■ ABOUT THIS TASK
Leave every entry as it is and write the data out in full.

■ INPUT
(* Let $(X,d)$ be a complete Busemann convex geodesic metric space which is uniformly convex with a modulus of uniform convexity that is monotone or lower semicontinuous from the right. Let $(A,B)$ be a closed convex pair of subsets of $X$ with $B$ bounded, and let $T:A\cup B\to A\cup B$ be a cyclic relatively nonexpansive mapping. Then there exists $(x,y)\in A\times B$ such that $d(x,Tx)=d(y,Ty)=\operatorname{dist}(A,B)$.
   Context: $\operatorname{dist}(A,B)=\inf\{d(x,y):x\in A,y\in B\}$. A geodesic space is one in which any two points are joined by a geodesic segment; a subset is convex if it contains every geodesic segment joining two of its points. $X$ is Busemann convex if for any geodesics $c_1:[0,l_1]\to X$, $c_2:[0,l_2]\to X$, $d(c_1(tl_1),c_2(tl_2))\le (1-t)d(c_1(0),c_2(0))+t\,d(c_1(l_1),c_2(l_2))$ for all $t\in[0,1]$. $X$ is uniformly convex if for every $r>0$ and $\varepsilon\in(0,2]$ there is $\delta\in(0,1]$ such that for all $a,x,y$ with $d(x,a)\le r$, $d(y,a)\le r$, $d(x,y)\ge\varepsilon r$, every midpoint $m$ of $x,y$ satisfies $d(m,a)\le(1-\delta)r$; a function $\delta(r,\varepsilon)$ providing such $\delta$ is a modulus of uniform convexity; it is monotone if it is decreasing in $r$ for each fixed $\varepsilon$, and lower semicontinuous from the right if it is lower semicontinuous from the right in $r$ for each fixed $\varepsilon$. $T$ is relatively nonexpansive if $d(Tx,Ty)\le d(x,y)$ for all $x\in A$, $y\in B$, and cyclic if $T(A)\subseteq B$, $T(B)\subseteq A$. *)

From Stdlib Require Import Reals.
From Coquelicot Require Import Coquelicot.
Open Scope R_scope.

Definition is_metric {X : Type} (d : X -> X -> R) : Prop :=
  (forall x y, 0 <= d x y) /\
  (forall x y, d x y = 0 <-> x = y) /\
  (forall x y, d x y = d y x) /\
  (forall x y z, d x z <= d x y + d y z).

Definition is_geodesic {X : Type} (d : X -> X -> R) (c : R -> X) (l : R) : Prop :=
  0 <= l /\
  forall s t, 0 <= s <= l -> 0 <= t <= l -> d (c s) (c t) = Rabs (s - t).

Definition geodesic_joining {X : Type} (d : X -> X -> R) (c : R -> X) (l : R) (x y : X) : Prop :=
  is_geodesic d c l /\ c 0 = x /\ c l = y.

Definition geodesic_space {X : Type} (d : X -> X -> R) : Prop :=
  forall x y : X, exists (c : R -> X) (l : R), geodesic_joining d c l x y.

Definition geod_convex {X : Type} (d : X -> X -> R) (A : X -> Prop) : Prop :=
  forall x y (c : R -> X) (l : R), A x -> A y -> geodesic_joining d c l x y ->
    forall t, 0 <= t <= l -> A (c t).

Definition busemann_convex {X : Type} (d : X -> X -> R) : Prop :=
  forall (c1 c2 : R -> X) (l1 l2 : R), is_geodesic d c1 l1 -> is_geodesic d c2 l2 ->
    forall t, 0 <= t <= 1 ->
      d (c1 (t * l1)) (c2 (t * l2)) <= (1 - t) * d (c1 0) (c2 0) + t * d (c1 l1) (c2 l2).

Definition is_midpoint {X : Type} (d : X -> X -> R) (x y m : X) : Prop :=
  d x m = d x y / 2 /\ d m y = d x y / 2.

■ ANSWER AREA
(* Let $(X,d)$ be a complete Busemann convex geodesic metric space which is uniformly convex with a modulus of uniform convexity that is monotone or lower semicontinuous from the right. Let $(A,B)$ be a closed convex pair of subsets of $X$ with $B$ bounded, and let $T:A\cup B\to A\cup B$ be a cyclic relatively nonexpansive mapping. Then there exists $(x,y)\in A\times B$ such that $d(x,Tx)=d(y,Ty)=\operatorname{dist}(A,B)$.
   Context: $\operatorname{dist}(A,B)=\inf\{d(x,y):x\in A,y\in B\}$. A geodesic space is one in which any two points are joined by a geodesic segment; a subset is convex if it contains every geodesic segment joining two of its points. $X$ is Busemann convex if for any geodesics $c_1:[0,l_1]\to X$, $c_2:[0,l_2]\to X$, $d(c_1(tl_1),c_2(tl_2))\le (1-t)d(c_1(0),c_2(0))+t\,d(c_1(l_1),c_2(l_2))$ for all $t\in[0,1]$. $X$ is uniformly convex if for every $r>0$ and $\varepsilon\in(0,2]$ there is $\delta\in(0,1]$ such that for all $a,x,y$ with $d(x,a)\le r$, $d(y,a)\le r$, $d(x,y)\ge\varepsilon r$, every midpoint $m$ of $x,y$ satisfies $d(m,a)\le(1-\delta)r$; a function $\delta(r,\varepsilon)$ providing such $\delta$ is a modulus of uniform convexity; it is monotone if it is decreasing in $r$ for each fixed $\varepsilon$, and lower semicontinuous from the right if it is lower semicontinuous from the right in $r$ for each fixed $\varepsilon$. $T$ is relatively nonexpansive if $d(Tx,Ty)\le d(x,y)$ for all $x\in A$, $y\in B$, and cyclic if $T(A)\subseteq B$, $T(B)\subseteq A$. *)

From Stdlib Require Import Reals.
From Coquelicot Require Import Coquelicot.
Open Scope R_scope.

Definition is_metric {X : Type} (d : X -> X -> R) : Prop :=
  (forall x y, 0 <= d x y) /\
  (forall x y, d x y = 0 <-> x = y) /\
  (forall x y, d x y = d y x) /\
  (forall x y z, d x z <= d x y + d y z).

Definition is_geodesic {X : Type} (d : X -> X -> R) (c : R -> X) (l : R) : Prop :=
  0 <= l /\
  forall s t, 0 <= s <= l -> 0 <= t <= l -> d (c s) (c t) = Rabs (s - t).

Definition geodesic_joining {X : Type} (d : X -> X -> R) (c : R -> X) (l : R) (x y : X) : Prop :=
  is_geodesic d c l /\ c 0 = x /\ c l = y.

Definition geodesic_space {X : Type} (d : X -> X -> R) : Prop :=
  forall x y : X, exists (c : R -> X) (l : R), geodesic_joining d c l x y.

Definition geod_convex {X : Type} (d : X -> X -> R) (A : X -> Prop) : Prop :=
  forall x y (c : R -> X) (l : R), A x -> A y -> geodesic_joining d c l x y ->
    forall t, 0 <= t <= l -> A (c t).

Definition busemann_convex {X : Type} (d : X -> X -> R) : Prop :=
  forall (c1 c2 : R -> X) (l1 l2 : R), is_geodesic d c1 l1 -> is_geodesic d c2 l2 ->
    forall t, 0 <= t <= 1 ->
      d (c1 (t * l1)) (c2 (t * l2)) <= (1 - t) * d (c1 0) (c2 0) + t * d (c1 l1) (c2 l2).

Definition is_midpoint {X : Type} (d : X -> X -> R) (x y m : X) : Prop :=
  d x m = d x y / 2 /\ d m y = d x y / 2.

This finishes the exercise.